Source data:
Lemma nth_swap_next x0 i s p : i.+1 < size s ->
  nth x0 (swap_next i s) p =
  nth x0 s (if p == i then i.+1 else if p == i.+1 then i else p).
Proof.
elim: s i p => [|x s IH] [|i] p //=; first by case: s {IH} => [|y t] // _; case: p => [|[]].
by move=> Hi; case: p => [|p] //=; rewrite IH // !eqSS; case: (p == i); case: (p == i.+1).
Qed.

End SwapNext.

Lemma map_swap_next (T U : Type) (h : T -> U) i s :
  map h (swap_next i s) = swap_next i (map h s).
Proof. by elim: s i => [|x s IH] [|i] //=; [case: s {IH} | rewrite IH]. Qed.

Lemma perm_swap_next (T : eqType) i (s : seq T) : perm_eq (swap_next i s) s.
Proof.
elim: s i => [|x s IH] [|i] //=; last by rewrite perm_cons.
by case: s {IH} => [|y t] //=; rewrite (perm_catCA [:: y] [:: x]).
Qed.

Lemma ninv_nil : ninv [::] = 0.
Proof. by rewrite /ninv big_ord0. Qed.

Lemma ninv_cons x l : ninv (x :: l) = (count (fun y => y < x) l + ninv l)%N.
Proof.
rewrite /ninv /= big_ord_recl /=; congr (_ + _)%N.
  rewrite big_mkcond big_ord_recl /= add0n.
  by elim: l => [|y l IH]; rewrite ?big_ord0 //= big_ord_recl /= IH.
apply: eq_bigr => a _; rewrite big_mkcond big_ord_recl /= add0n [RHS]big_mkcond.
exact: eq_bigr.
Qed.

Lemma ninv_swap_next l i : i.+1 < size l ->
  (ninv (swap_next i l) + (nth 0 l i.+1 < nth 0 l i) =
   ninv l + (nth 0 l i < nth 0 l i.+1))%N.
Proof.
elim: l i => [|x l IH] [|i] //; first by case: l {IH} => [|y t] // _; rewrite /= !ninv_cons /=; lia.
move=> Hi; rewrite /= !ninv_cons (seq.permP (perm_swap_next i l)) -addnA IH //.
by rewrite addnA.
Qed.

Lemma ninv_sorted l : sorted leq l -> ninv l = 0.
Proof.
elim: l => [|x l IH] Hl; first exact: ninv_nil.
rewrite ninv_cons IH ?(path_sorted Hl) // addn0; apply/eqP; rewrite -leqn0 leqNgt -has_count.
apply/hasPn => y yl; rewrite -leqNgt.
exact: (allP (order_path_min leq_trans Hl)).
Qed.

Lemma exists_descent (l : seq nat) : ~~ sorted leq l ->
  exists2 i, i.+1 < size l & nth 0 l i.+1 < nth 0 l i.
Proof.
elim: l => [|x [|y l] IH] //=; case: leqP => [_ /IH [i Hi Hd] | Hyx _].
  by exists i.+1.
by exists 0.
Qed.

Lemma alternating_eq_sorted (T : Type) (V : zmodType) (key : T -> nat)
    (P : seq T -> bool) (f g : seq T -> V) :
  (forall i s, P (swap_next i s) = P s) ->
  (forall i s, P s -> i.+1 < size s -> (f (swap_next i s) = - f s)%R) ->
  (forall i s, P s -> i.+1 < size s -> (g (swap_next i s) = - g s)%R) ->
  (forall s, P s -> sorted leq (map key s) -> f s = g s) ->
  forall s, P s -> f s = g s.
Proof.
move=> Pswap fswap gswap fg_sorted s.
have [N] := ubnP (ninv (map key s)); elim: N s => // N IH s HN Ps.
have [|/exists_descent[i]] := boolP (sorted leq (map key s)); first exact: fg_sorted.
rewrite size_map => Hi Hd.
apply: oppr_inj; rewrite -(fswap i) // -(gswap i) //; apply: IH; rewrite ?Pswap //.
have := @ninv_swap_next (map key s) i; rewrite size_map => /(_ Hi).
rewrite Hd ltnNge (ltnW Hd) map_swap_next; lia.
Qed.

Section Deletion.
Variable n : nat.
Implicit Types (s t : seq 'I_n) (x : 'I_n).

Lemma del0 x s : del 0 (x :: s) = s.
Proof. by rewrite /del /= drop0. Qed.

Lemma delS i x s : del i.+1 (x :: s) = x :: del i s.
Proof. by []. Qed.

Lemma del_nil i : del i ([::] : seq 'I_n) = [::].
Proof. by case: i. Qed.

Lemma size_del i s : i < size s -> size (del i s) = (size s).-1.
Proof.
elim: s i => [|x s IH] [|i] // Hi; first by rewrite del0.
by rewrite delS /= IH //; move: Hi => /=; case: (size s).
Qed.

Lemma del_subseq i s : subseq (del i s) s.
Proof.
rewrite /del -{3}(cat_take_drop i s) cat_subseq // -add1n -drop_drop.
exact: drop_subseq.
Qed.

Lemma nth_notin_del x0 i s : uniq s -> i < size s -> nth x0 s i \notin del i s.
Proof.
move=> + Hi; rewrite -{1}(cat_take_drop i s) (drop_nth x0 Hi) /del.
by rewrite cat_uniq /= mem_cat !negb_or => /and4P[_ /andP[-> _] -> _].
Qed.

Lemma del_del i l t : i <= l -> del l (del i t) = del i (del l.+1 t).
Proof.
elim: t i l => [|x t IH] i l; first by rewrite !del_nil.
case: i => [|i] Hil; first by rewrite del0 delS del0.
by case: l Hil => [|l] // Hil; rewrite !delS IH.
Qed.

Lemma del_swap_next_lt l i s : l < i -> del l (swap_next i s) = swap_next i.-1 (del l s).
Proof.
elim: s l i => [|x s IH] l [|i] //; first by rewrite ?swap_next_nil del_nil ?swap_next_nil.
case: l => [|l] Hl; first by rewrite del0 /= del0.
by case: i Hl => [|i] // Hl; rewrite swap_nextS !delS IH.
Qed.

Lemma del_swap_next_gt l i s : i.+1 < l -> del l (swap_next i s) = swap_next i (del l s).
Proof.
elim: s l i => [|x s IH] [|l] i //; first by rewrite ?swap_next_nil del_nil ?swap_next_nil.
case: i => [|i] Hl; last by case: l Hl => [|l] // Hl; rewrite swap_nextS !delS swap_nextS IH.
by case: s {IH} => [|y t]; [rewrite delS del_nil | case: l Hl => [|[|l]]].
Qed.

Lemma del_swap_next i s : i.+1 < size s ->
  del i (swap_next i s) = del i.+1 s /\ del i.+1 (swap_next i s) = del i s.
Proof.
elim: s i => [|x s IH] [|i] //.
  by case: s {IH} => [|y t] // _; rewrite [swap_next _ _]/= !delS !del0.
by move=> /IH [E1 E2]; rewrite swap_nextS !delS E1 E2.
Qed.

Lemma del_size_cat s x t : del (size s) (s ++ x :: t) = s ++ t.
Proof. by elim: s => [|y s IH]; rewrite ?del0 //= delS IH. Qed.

What the task requires:
From the entries, copy every line in which the word "last" occurs.

Response area:
elim: s i => [|x s IH] [|i] //=; last by rewrite perm_cons.
case: i => [|i] Hl; last by case: l Hl => [|l] // Hl; rewrite swap_nextS !delS swap_nextS IH.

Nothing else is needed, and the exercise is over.